During the fall of 1994 the Climate System Model (CSM) principal investigators recognized that future users of model generated data would be diverse in both discipline and location. Therefore, a CSM Data Management Working Group was assigned to evaluate and select a standard data format for use within CSM. The working group consisted of model developers, data users, and software engineers from within NCAR ( CGD and SCD ). The objective of the group was to form a consensus as to the optimal format relative to CSM data management issues. By July of 1995 it was determined that netCDF would meet the criteria established by the working group, and would optimally meet the needs of potential users in the expected CSM community.
During the winter of 1996-1997 CSM selected the NCARgraphics command language interface ( NCAR Command Language or NCL) as it's primary tool to process CSM datasets. NCL can access netCDF files, which is only one of many reasons it was chosen as the CSM processor (see Rationale for a Climate System Model Processor and Climate System Model (CSM) Output Processor ). While NCL was selected by CSM for data processing within the project, the CSM netCDF datasets can just as easily be accessed, processed, and examined by a number of readily available tools .
CSM Data Management Issues
It was obvious that the data format selected by CSM could not be restricted to the machine native binary formats which all model components had been archiving. A format was needed which would be accessible by a wide audience of researchers using a variety of computational platforms.
Furthermore, CSM simply does not have the resources to build and maintain a data format, then support a user community. The adoption of a standard format would allow investigators to readily access, manipulate, and display the data, using readily available tools, without being concerned about the internal storage details of the datasets themselves.

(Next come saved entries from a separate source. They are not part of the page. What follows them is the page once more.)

(* For every three-qubit state $\rho_{ABC}$, $$S^{\max}(\rho_{ABC})+2\,\tau(\rho_{ABC})\le 3,$$ where $S^{\max}(\rho_{ABC})=\max\{S_{AB},S_{AC},S_{BC}\}$.
   Context: For a two-qubit state $\rho$ let $t_{kl}=\mathrm{Tr}[\rho\,\sigma_k\otimes\sigma_l]$ ($\sigma_k$ Pauli matrices) and $S(\rho)=\sum_{k,l=1}^3 t_{kl}^2$; $S_{ij}=S(\rho_{ij})$ for the two-qubit reduced states $\rho_{ij}$ of $\rho_{ABC}$. $\tau$ is the three-tangle: for a pure state, $\tau=1-|\vec a|^2-\mathcal C_{AB}^2-\mathcal C_{AC}^2$, where $\vec a$ with $a_k=\mathrm{Tr}[\rho_A\sigma_k]$ is the Bloch vector of qubit $A$ and $\mathcal C_{ij}$ is the Wootters concurrence of $\rho_{ij}$ ($\mathcal C(\rho)=\max\{0,\lambda_1-\lambda_2-\lambda_3-\lambda_4\}$, $\lambda_i$ the decreasingly ordered square roots of the eigenvalues of $\rho(\sigma_2\otimes\sigma_2)\rho^*(\sigma_2\otimes\sigma_2)$); for a mixed state $\tau$ is the convex roof, i.e. the minimum of $\sum_n p_n\tau(\psi_n)$ over pure-state decompositions $\rho=\sum_n p_n|\psi_n\rangle\langle\psi_n|$. *)

From HB Require Import structures.
From mathcomp Require Import all_boot all_order all_algebra.
From mathcomp Require Import boolp classical_sets reals.
From mathcomp Require Import complex.
Set Implicit Arguments. Unset Strict Implicit. Unset Printing Implicit Defensive.
Import Order.TTheory GRing.Theory Num.Theory.
Local Open Scope ring_scope.

Section QuantumDefs.
Variable R : realType.
Local Notation C := R[i].

Definition adjmx m n (A : 'M[C]_(m, n)) : 'M[C]_(n, m) := map_mx Num.conj A^T.
Definition conjmx m n (A : 'M[C]_(m, n)) : 'M[C]_(m, n) := map_mx Num.conj A.

(** Pauli matrices sigma_1, sigma_2, sigma_3 (k : 'I_3 encodes k+1). *)
Definition pauli (k : 'I_3) : 'M[C]_2 :=
  \matrix_(i < 2, j < 2)
    match val k with
    | 0%N => if i == j then 0 else 1
    | 1%N => if i == j then 0 else (if (val i == 0%N) then - 'i%C else 'i%C)
    | _ => if i == j then (if val i == 0%N then 1 else -1) else 0
    end.

(** Computational basis encoding: two qubits |a b> ~ 2a+b,
    three qubits |a b c> ~ 4a+2b+c. *)
Definition enc2 (a b : 'I_2) : 'I_4 := inord (2 * a + b).
Definition enc3 (a b c : 'I_2) : 'I_8 := inord (4 * a + 2 * b + c).
Definition hi2 (i : 'I_4) : 'I_2 := inord (i %/ 2).
Definition lo2 (i : 'I_4) : 'I_2 := inord (i %% 2).

Definition kron2 (A B : 'M[C]_2) : 'M[C]_4 :=
  \matrix_(i, j) (A (hi2 i) (hi2 j) * B (lo2 i) (lo2 j)).

(** Partial traces of a three-qubit operator (qubits ordered A,B,C). *)
Definition rhoAB (rho : 'M[C]_8) : 'M[C]_4 :=
  \matrix_(i, j) \sum_(c < 2) rho (enc3 (hi2 i) (lo2 i) c) (enc3 (hi2 j) (lo2 j) c).
Definition rhoAC (rho : 'M[C]_8) : 'M[C]_4 :=
  \matrix_(i, j) \sum_(b < 2) rho (enc3 (hi2 i) b (lo2 i)) (enc3 (hi2 j) b (lo2 j)).
Definition rhoBC (rho : 'M[C]_8) : 'M[C]_4 :=
  \matrix_(i, j) \sum_(a < 2) rho (enc3 a (hi2 i) (lo2 i)) (enc3 a (hi2 j) (lo2 j)).
Definition rhoA (rho : 'M[C]_8) : 'M[C]_2 :=
  \matrix_(a, a') \sum_(b < 2) \sum_(c < 2) rho (enc3 a b c) (enc3 a' b c).

(** Correlation tensor t_kl = Tr[rho sigma_k (x) sigma_l] (real for
    Hermitian rho; we take its real part) and S(rho) = sum_kl t_kl^2. *)
Definition tcorr (rho : 'M[C]_4) (k l : 'I_3) : R :=
  complex.Re (\tr (rho *m kron2 (pauli k) (pauli l))).
Definition Scorr (rho : 'M[C]_4) : R :=
  \sum_(k < 3) \sum_(l < 3) tcorr rho k l ^+ 2.

Definition sigma2 : 'I_3 := inord 1.
Definition wootters_mx (rho : 'M[C]_4) : 'M[C]_4 :=
  rho *m kron2 (pauli sigma2) (pauli sigma2) *m conjmx rho
      *m kron2 (pauli sigma2) (pauli sigma2).

Definition wootters_lambdas_spec (M : 'M[C]_4) (s : seq R) : Prop :=
  [/\ size s = 4%N, all (fun x => 0 <= x) s, sorted (fun x y => y <= x) s
    & char_poly M = \prod_(x <- s) ('X - ((x ^+ 2)%:C)%C%:P)].

Definition wootters_lambdas (rho : 'M[C]_4) : seq R :=
  xget [::] (wootters_lambdas_spec (wootters_mx rho)).

Definition concurrence (rho : 'M[C]_4) : R :=
  let s := wootters_lambdas rho in
  Num.max 0 (s`_0 - s`_1 - s`_2 - s`_3).

Definition psd n (A : 'M[C]_n) : Prop :=
  forall v : 'cV[C]_n, 0 <= (adjmx v *m A *m v) 0 0.
Definition is_state n (rho : 'M[C]_n) : Prop := psd rho /\ \tr rho = 1.

Definition unit_vec n (psi : 'cV[C]_n) : Prop := (adjmx psi *m psi) 0 0 = 1.
Definition proj (psi : 'cV[C]_8) : 'M[C]_8 := psi *m adjmx psi.

Definition bloch (rho : 'M[C]_8) (k : 'I_3) : R :=
  complex.Re (\tr (rhoA rho *m pauli k)).

Definition tau_pure (psi : 'cV[C]_8) : R :=
  let rho := proj psi in
  1 - \sum_(k < 3) bloch rho k ^+ 2
    - concurrence (rhoAB rho) ^+ 2 - concurrence (rhoAC rho) ^+ 2.

Definition decomposition (rho : 'M[C]_8) n (p : 'I_n -> R) (psi : 'I_n -> 'cV[C]_8)
  : Prop :=
  [/\ forall i, 0 <= p i, \sum_(i < n) p i = 1, forall i, unit_vec (psi i)
    & rho = \sum_(i < n) (p i)%:C%C *: proj (psi i)].

Definition tau (rho : 'M[C]_8) : R :=
  inf [set x : R | exists n (p : 'I_n -> R) (psi : 'I_n -> 'cV[C]_8),
         decomposition rho p psi /\ x = \sum_(i < n) p i * tau_pure (psi i)].

Definition Smax (rho : 'M[C]_8) : R :=
  Num.max (Scorr (rhoAB rho)) (Num.max (Scorr (rhoAC rho)) (Scorr (rhoBC rho))).

End QuantumDefs.

From Pilot Require Import Defs.
From HB Require Import structures.
From mathcomp Require Import all_boot all_order all_algebra.
From mathcomp Require Import boolp classical_sets reals.
From mathcomp Require Import complex spectral.
From mathcomp Require Import ring lra.
Set Implicit Arguments. Unset Strict Implicit. Unset Printing Implicit Defensive.
Import Order.TTheory GRing.Theory Num.Theory.
Import Normc.
Local Open Scope ring_scope.
Local Notation Re := complex.Re.
Local Notation Im := complex.Im.

(* For a pure state psi and a cut XY|Z, arrange the amplitudes into a 4x2 matrix V
   (rows XY, column Z), so that rho_XY = V V^+, and let P_XY = V^T (s_y (x) s_y) V.
   The nonzero eigenvalues of Wootters' matrix of V V^+ are those of P conj(P), hence
   C_XY^2 = |P_XY|^2 - 2 |det P_XY| (Frobenius norm).  The three determinants
   det P_XY agree (up to sign this is Cayley's hyperdeterminant), so tau = 4 |det P|,
   and a direct computation in the amplitudes gives
     |x|^2 = 1 - |P_XY|^2 - |P_XZ|^2   for the Bloch vector of each qubit x,
     S_XY = 1 + 2 |P_XY|^2 - |P_XZ|^2 - |P_YZ|^2.
   With 2 |det P| <= |P|^2 this yields
     S_XY + 2 tau <= 1 + (|P_XY|^2 + |P_XZ|^2) + (|P_XY|^2 + |P_YZ|^2) <= 3.
   For a mixed state, every t_kl is linear in rho and squares are convex, so
   S_max(rho) + 2 sum_i p_i tau(psi_i) <= 3 for every pure-state decomposition; the
   spectral theorem provides one, and tau(rho) is the infimum over all of them. *)

Notation q0 := (ord0 : 'I_2).
Notation q1 := (ord_max : 'I_2).

Lemma big_ord2 (V : nmodType) (F : 'I_2 -> V) : \sum_(i < 2) F i = F q0 + F q1.
Proof. by rewrite big_ord_recl big_ord1; congr (_ + F _); apply: val_inj. Qed.

Definition sum2 (V : nmodType) (f : 'I_2 -> V) : V := f q0 + f q1.

Notation k0 := (ord0 : 'I_3).
(* A literal ordinal, so that [val k1] reduces (unlike [inord 1]). *)
Definition k1 : 'I_3 := @Ordinal 3 1 isT.
Notation k2 := (ord_max : 'I_3).

Lemma big_ord3 (V : nmodType) (F : 'I_3 -> V) : \sum_(k < 3) F k = F k0 + F k1 + F k2.
Proof.
by rewrite !big_ord_recl big_ord0 addr0 addrA; congr (_ + F _ + F _); apply: val_inj.
Qed.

An ideal data format would be one which addressed the following criteria:
|Compactness||Minimize Storage Space|
|Functionality||Allow User Easy/Quick Access|
|Simplicity||Easy to Learn and Use|
|Flexibility||Capable of Handling Any Hardware Representation|
|Self-Describing||Internally Contains All Information|
|Support||Full Third Party Support|
|Popularity||Recognized and Used by Large Community|
|Usability||Imported by Available Analysis Tools|
|Availability||Easily Obtained and Free|
Clearly, no one format will be the optimal in all the categories listed above. The CSM working group focused on the following four categories: self-description, portability, performance, and functionality. Compactness was also an issue from the perspective that the data should be manageable relative to our native binary datasets, and that the primary archive should be should be easy to access, extract and condense.
The CSM data management working group focused on netCDF, but did discuss the advantages and disadvantages of the other formats. It was decided that unless netCDF failed miserably in one of the evaluation criteria, it should be the accepted CSM standard data format. Frankly, the major concern regarding netCDF was how it would impact model performance. This was addressed in a cooperative manner between CSM and SCD programmers and netCDF developers. Modifications to enhance performance within the CRAY supercomputing environment were introduced into the netCDF library, and were subsequently accepted and adopted into the most recent version of netCDF.
netCDF is self-describing, portable, flexible, and is considered a standard(see netCDF Factsheet ).
netCDF is used by a large, diverse, community engaged in a variety of scientific research projects (see netCDF Users ).
netCDF is in the public domain, well documented, and supported by a third party(see netCDF Documentation )..
netCDF is used by a number of organizations, universities, and research institutions (see Organizations Using netCDF ).
netCDF is used by an ever-growing number of data analysis, processing, and visualization tools (see Software for Manipulating or Displaying netCDF Data ).
netCDF is a UCAR Unidata product, which gives CSM ready access to it's developers.
Furthermore, Unidata has responded to the requirements of CSM in terms of performance and data compression, and the resulting modifications appear in the netCDF library.
The National Science Foundation (NSF) supports the Information Infrastructure Technology and Applications (IITA) . One of IITA's primary functions is to provide funding to enhance the netCDF libraries.
Finally, one issue which is often overlooked but is a major concern within CSM is data management. Many different experiments will be run. The fact that netCDF is self describing means that each experiment can be documented within the experiment datasets. This means that the CSM does not have to use resources (i.e., people) to maintain experiment documentation. We will be investigating the use of data management software which supports netCDF.
CSM netCDF Convention
A CSM netCDF Convention has been developed for use within the CSM effort. It is based upon the COARDS netCDF Convention, but has been broadened to meet the needs of CSM.